Top of Material for this exercise

(* Let $0<a<1$ and define $\eta:\mathbb C_+\to\mathbb C$, $\mathbb C_+=\{\operatorname{Re}w>0\}$, by $\eta(w)=w-(\log(w+3))^a$ (principal branches). Then $\eta$ is univalent on $\mathbb C_+$, and $\Omega_0=\eta(\mathbb C_+)$ is a logarithmic starlike at infinity domain with $p$-frequencies which is not contained in any half-plane.
   Context: A logarithmic starlike at infinity domain is $\{x+iy:x>\psi(y)\}$ where $\psi:\mathbb R\to\mathbb R$ is differentiable with $|\psi'|\le K$ for some $K>0$, and there exist $R>0$ and $0<b<1$ with $\psi(y)\ge -b\log|y|$ for $|y|\ge R$. Such a domain $\Omega_0$ has $p$-frequencies if there exists $p_0\ge1$ such that $e^{\lambda z}\in H^{p_0}(\Omega_0)$ for all $\lambda\le0$, where for a simply connected domain $G\subsetneq\mathbb C$ and $p\in[1,\infty)$, $H^p(G)$ is the space of holomorphic $f$ on $G$ such that $|f|^p$ has a harmonic majorant. *)

From Stdlib Require Import Reals Lra.
From Coquelicot Require Import Coquelicot.
Open Scope R_scope.

(** Principal argument, values in (-PI, PI]. *)
Definition Carg (z : C) : R :=
  let x := Re z in let y := Im z in
  if Rlt_dec 0 x then atan (y / x)
  else if Rlt_dec x 0 then
    (if Rle_dec 0 y then atan (y / x) + PI else atan (y / x) - PI)
  else if Rlt_dec 0 y then PI / 2
  else if Rlt_dec y 0 then - (PI / 2) else 0.

Definition Cexp (z : C) : C :=
  (exp (Re z) * cos (Im z), exp (Re z) * sin (Im z)).

(** Principal logarithm (defined for z <> 0). *)
Definition Clog (z : C) : C := (ln (Cmod z), Carg z).

(** Principal power z^a = exp (a log z), with 0^a = 0. *)
Definition Cpow (z : C) (a : R) : C :=
  if Req_EM_T (Cmod z) 0 then 0%C else Cexp (Cmult (RtoC a) (Clog z)).

Definition Cplus_half (w : C) : Prop := 0 < Re w.

Definition eta (a : R) (w : C) : C :=
  Cminus w (Cpow (Clog (Cplus w (RtoC 3))) a).

Definition holomorphic_on (G : C -> Prop) (f : C -> C) : Prop :=
  forall z, G z -> @ex_derive C_AbsRing C_NormedModule f z.

Definition univalent_on (G : C -> Prop) (f : C -> C) : Prop :=
  holomorphic_on G f /\ (forall z w, G z -> G w -> f z = f w -> z = w).

Definition open_set (G : C -> Prop) : Prop :=
  forall z, G z -> exists eps : posreal,
    forall w, Cmod (Cminus w z) < eps -> G w.

Definition dx (u : C -> R) : C -> R := fun z => Derive (fun t => u (t, Im z)) (Re z).
Definition dy (u : C -> R) : C -> R := fun z => Derive (fun t => u (Re z, t)) (Im z).

Definition cont_at (u : C -> R) (z : C) : Prop :=
  forall eps : posreal, exists delta : posreal,
    forall w, Cmod (Cminus w z) < delta -> Rabs (u w - u z) < eps.

Definition harmonic_on (G : C -> Prop) (u : C -> R) : Prop :=
  forall z, G z ->
    ex_derive (fun t => u (t, Im z)) (Re z) /\
    ex_derive (fun t => u (Re z, t)) (Im z) /\
    ex_derive (fun t => dx u (t, Im z)) (Re z) /\
    ex_derive (fun t => dx u (Re z, t)) (Im z) /\
    ex_derive (fun t => dy u (t, Im z)) (Re z) /\
    ex_derive (fun t => dy u (Re z, t)) (Im z) /\
    cont_at u z /\ cont_at (dx u) z /\ cont_at (dy u) z /\
    cont_at (dx (dx u)) z /\ cont_at (dy (dx u)) z /\
    cont_at (dx (dy u)) z /\ cont_at (dy (dy u)) z /\
    dx (dx u) z + dy (dy u) z = 0.

Definition rpow (x p : R) : R := if Rle_dec x 0 then 0 else Rpower x p.

(** Hardy space H^p(G): holomorphic f on G such that |f|^p has a harmonic
    majorant on G. *)
Definition in_Hardy (p : R) (G : C -> Prop) (f : C -> C) : Prop :=
  holomorphic_on G f /\
  exists u : C -> R, harmonic_on G u /\
    forall z, G z -> rpow (Cmod (f z)) p <= u z.

Definition log_starlike_at_infinity (Om : C -> Prop) : Prop :=
  exists psi : R -> R,
    (forall y, ex_derive psi y) /\
    (exists K, 0 < K /\ forall y, Rabs (Derive psi y) <= K) /\
    (exists Rr b, 0 < Rr /\ 0 < b < 1 /\
       forall y, Rr <= Rabs y -> - b * ln (Rabs y) <= psi y) /\
    (forall z, Om z <-> psi (Im z) < Re z).

Definition has_p_frequencies (Om : C -> Prop) : Prop :=
  exists p0, 1 <= p0 /\
    forall lam : R, lam <= 0 -> in_Hardy p0 Om (fun z => Cexp (Cmult (RtoC lam) z)).

Definition in_some_half_plane (Om : C -> Prop) : Prop :=
  exists (c : C) (t : R), c <> 0%C /\ forall z, Om z -> t <= Re (Cmult c z).

From Pilot Require Import Defs.
From Stdlib Require Import Reals Lra Lia ClassicalEpsilon.
From Coquelicot Require Import Coquelicot.
Open Scope R_scope.

(* Write [eta w = w - Q w] with [Q w = (log (w + 3))^a]. On the closed right half-plane
   [|Q'| = a |log (w + 3)|^(a-1) / |w + 3| <= 1/3], so [eta] is injective there, and for
   every [z] the map [w |-> z + Q (proj w)], with [proj] the projection onto the closed
   half-plane, is a contraction. Its fixed point lies in the open half-plane, i.e. [z] lies
   in [Omega_0], exactly when [z] lies to the right of the image of the imaginary axis. That
   image is the graph [x = psi y], where [|psi'| <= 1/2] because [y |-> Im eta (i y)] has
   derivative at least [2/3], and [psi y >= -(log (3 + 2|y|) + 2)^a]: this is the
   log-starlike description. The real points [x - (log (x + 3))^a] tend to [+oo], while
   [Re Q (i y) >= cos (a PI / 2) (log |y|)^a] drives points just right of the boundary curve
   to [-oo] in both vertical directions, so no half-plane contains [Omega_0]. Finally, for
   [lambda <= 0], [lambda x <= |lambda| (log (3 + 2|y|) + 2)^a <= log (3 + 2|y|) / 2 + C] on
   [Omega_0], and [Omega_0] lies in [{x > 1 - |y|/2 - M}] where [Re sqrt (z + M)] is harmonic
   and at least [sqrt (3 + 2|y|) / 3]; a multiple of it is a harmonic majorant of
   [|e^(lambda z)|], so [p_0 = 1] works. *)

Lemma MVT_abs_bound (f df : R -> R) (x M : R) :
  (forall c, Rabs c <= Rabs x -> derivable_pt_lim f c (df c)) ->
  (forall c, Rabs c <= Rabs x -> Rabs (df c) <= M) ->
  Rabs (f x - f 0) <= M * Rabs x.
Proof.
  intros Hd Hb.
  assert (HM : 0 <= M) by (specialize (Hb 0); rewrite Rabs_R0 in Hb;
    pose proof (Rabs_pos (df 0)); pose proof (Rabs_pos x); lra).
  destruct (Rtotal_order x 0) as [Hx|[Hx|Hx]].
  - destruct (MVT_cor2 f df x 0 Hx) as [c [Hc1 Hc2]].
    + intros c Hc. apply Hd. rewrite (Rabs_left1 x), (Rabs_left1 c); lra.
    + rewrite <- Rabs_Ropp, Ropp_minus_distr, Hc1, Rabs_mult, Rminus_0_l, Rabs_Ropp.
      apply Rmult_le_compat_r; [apply Rabs_pos|].
      apply Hb. rewrite !Rabs_left; lra.
  - subst. rewrite Rminus_diag, !Rabs_R0. lra.
  - destruct (MVT_cor2 f df 0 x Hx) as [c [Hc1 Hc2]].
    + intros c Hc. apply Hd. rewrite !Rabs_right; lra.
    + rewrite Hc1, Rabs_mult, Rminus_0_r.
      apply Rmult_le_compat_r; [apply Rabs_pos|].
      apply Hb. rewrite !Rabs_right; lra.
Qed.

Lemma exp_le_3_of_le_1 (s : R) : s <= 1 -> exp s <= 3.
Proof.
  intros Hs. pose proof exp_le_3.
  destruct (Req_dec s 1); [subst; lra|].
  assert (exp s < exp 1) by (apply exp_increasing; lra). lra.
Qed.

Lemma Rabs_exp_sub_1_le (s : R) : Rabs s <= 1 -> Rabs (exp s - 1) <= 3 * Rabs s.
Proof.
  intros Hs. rewrite <- exp_0.
  apply (MVT_abs_bound exp exp).
  - intros. apply derivable_pt_lim_exp.
  - intros c Hc. rewrite Rabs_right by (left; apply exp_pos).
    apply exp_le_3_of_le_1. pose proof (Rle_abs c). lra.
Qed.

Lemma Rabs_exp_sub_1_sub_le (s : R) : Rabs s <= 1 ->
  Rabs (exp s - 1 - s) <= 3 * Rabs s * Rabs s.
Proof.
  intros Hs.
  replace (exp s - 1 - s) with ((exp s - s) - (exp 0 - 0)) by (rewrite exp_0; ring).
  apply (MVT_abs_bound (fun t => exp t - t) (fun t => exp t - 1)).
  - intros. apply derivable_pt_lim_minus;
      [apply derivable_pt_lim_exp | apply derivable_pt_lim_id].
  - intros c Hc. apply Rle_trans with (3 * Rabs c); [apply Rabs_exp_sub_1_le|]; lra.
Qed.

Lemma Rabs_sin_le (t : R) : Rabs (sin t) <= Rabs t.
Proof.
  replace (sin t) with (sin t - sin 0) by (rewrite sin_0; ring).
  rewrite <- (Rmult_1_l (Rabs t)).
  apply (MVT_abs_bound sin cos).
  - intros. apply derivable_pt_lim_sin.
  - intros. apply Rabs_le. split; apply COS_bound.
Qed.

Lemma Rabs_cos_sub_1_le (t : R) : Rabs (cos t - 1) <= Rabs t.
Proof.
  rewrite <- cos_0. rewrite <- (Rmult_1_l (Rabs t)).
  apply (MVT_abs_bound cos (fun x => - sin x)).
  - intros. apply derivable_pt_lim_cos.
  - intros c _. rewrite Rabs_Ropp. apply Rabs_le. split; apply SIN_bound.
Qed.

Lemma Rabs_cos_sub_1_le_sqr (t : R) : Rabs (cos t - 1) <= Rabs t * Rabs t.
Proof.
  rewrite <- cos_0.
  apply (MVT_abs_bound cos (fun x => - sin x)).
  - intros. apply derivable_pt_lim_cos.
  - intros c Hc. rewrite Rabs_Ropp. eapply Rle_trans; [apply Rabs_sin_le | exact Hc].
Qed.

Lemma Rabs_sin_sub_le_sqr (t : R) : Rabs (sin t - t) <= Rabs t * Rabs t.
Proof.
  replace (sin t - t) with ((sin t - t) - (sin 0 - 0)) by (rewrite sin_0; ring).
  apply (MVT_abs_bound (fun x => sin x - x) (fun x => cos x - 1)).
  - intros. apply derivable_pt_lim_minus;
      [apply derivable_pt_lim_sin | apply derivable_pt_lim_id].
  - intros c Hc. eapply Rle_trans; [apply Rabs_cos_sub_1_le | exact Hc].
Qed.

Lemma ln_le_sub_1 (t : R) : 0 < t -> ln t <= t - 1.
Proof.
  intros Ht. pose proof (exp_ineq1_le (ln t)) as H. rewrite exp_ln in H by exact Ht. lra.
Qed.

Lemma ln_3_bounds : 1 <= ln 3 <= 2.
Proof.
  split.
  - rewrite <- (ln_exp 1). apply ln_le; [apply exp_pos | apply exp_le_3; lra].
  - rewrite <- (ln_exp 2). apply ln_le; [lra|]. pose proof (exp_ineq1_le 2). lra.
Qed.

Lemma Rpower_le_self (x e : R) : 1 <= x -> e <= 1 -> Rpower x e <= x.
Proof. intros Hx He. rewrite <- (Rpower_1 x) at 2 by lra. apply Rle_Rpower; lra. Qed.

Lemma exp_le_compat (x y : R) : x <= y -> exp x <= exp y.
Proof.
  intros H. destruct (Req_dec x y); [subst; lra|]. left. apply exp_increasing. lra.
Qed.

Lemma Rpower_pos (x e : R) : 0 < Rpower x e.
Proof. apply exp_pos. Qed.

Lemma Rpower_le_eps_mult (a c : R) : a < 1 -> 0 < c ->
  exists X0, 0 < X0 /\ forall X, X0 <= X -> Rpower X a <= c * X.
Proof.
  intros Ha Hc. exists (Rpower c (/ (a - 1))). split; [apply Rpower_pos|].
  intros X HX. pose proof (Rpower_pos c (/ (a - 1))) as HX0.
  replace a with ((a - 1) + 1) at 1 by ring.
  rewrite Rpower_plus, Rpower_1 by lra.
  apply Rmult_le_compat_r; [lra|].
  replace c with (Rpower (Rpower c (/ (a - 1))) (a - 1))
    by (rewrite Rpower_mult, Rinv_l, Rpower_1; lra).
  set (X0 := Rpower c (/ (a - 1))) in *.
  unfold Rpower. apply exp_le_compat.
  apply Rmult_le_compat_neg_l; [lra|]. apply ln_le; lra.
Qed.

Bottom of Material for this exercise

Exercise brief: Using the entries above, give again exactly the lines from the line holding "Definition Cexp (z" through the line holding "Definition Cpow (z". Include both end lines and nothing else.

Solution:
Definition Cexp (z : C) : C :=
  (exp (Re z) * cos (Im z), exp (Re z) * sin (Im z)).

(** Principal logarithm (defined for z <> 0). *)
Definition Clog (z : C) : C := (ln (Cmod z), Carg z).

(** Principal power z^a = exp (a log z), with 0^a = 0. *)
Definition Cpow (z : C) (a : R) : C :=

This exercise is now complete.